Exercise requirements
Restate the opening lines of the material below word for word, stopping after the line that contains "(lam : (Omega -> Prop) -> R)".
** Opening Dataset records block **
Theorem mainTheorem13 (Omega : Type) (A : (Omega -> Prop) -> Prop)
  (HA : is_algebra A)
  (mu : nat -> (Omega -> Prop) -> R)
  (Hmu : forall n, is_ba_pos A (mu n))
  (Hbd : exists M, forall n, norm_le A (mu n) M)
  (lam : (Omega -> Prop) -> R)
  (Hlam : forall E, A E -> infinite_sum (fun n => (/ 2) ^ (S n) * mu n E) (lam E)) :
  exists (xi : (Omega -> Prop) -> R) (m : nat -> (Omega -> Prop) -> R),
    is_ba_ac_pos A lam xi /\
    (forall n, in_Gamma A mu n (m n)) /\
    (forall k : nat, exists (rho : (Omega -> Prop) -> R) (rhon : nat -> (Omega -> Prop) -> R),
        is_inf A xi (scale_sf k lam) rho /\
        (forall n, is_inf A (m n) (scale_sf k lam) (rhon n)) /\
        (forall eps, 0 < eps -> exists N, forall n, (N <= n)%nat ->
            norm_le A (fun F => rho F - rhon n F) eps)) /\
    (forall E, A E -> forall eps, 0 < eps -> exists N, forall n, (N <= n)%nat ->
        xi E - eps < m n E).
Proof.
  destruct Hbd as [M HM].
  assert (Hmu' : forall n, content A (mu n))
    by (intro n; destruct (Hmu n) as [[H1 _] H2]; split; auto).
  assert (HmuM : forall n, mu n sfull <= M)
    by (intro n; pose proof (abs_le_tv A (mu n) sfull M (A_full A HA) (HM n));
        pose proof (Rle_abs (mu n sfull)); lra).
  assert (Hl : content A lam)
    by (apply (series_content A HA mu (fun n => (/ 2) ^ (S n))); auto; intro; apply pow_le; lra).
  destruct (Gamma_selection A HA mu lam M Hmu' HmuM Hl) as [g [HgG [Hg [HgM Hc]]]].
  exists (xi A lam g), g; split; [|split; [exact HgG|split]].
  - exact (xi_ba_ac_pos A HA lam g M Hl Hg HgM Hc).
  - intro k; exists (rho A lam g k), (fun n => meet A (g n) (scale_sf k lam)).
    split; [exact (rho_is_inf A HA lam g M Hl Hg HgM Hc k)|split].
    + intro n; apply (meet_is_inf A HA); auto; apply content_rscale; auto; apply pos_INR.
    + exact (rho_norm_cv A HA lam g Hl Hg Hc k).
  - exact (xi_le_liminf A HA lam g M Hl Hg HgM Hc).
Qed.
** Closing Dataset records block **
Task response
Theorem mainTheorem13 (Omega : Type) (A : (Omega -> Prop) -> Prop)
  (HA : is_algebra A)
  (mu : nat -> (Omega -> Prop) -> R)
  (Hmu : forall n, is_ba_pos A (mu n))
  (Hbd : exists M, forall n, norm_le A (mu n) M)
  (lam : (Omega -> Prop) -> R)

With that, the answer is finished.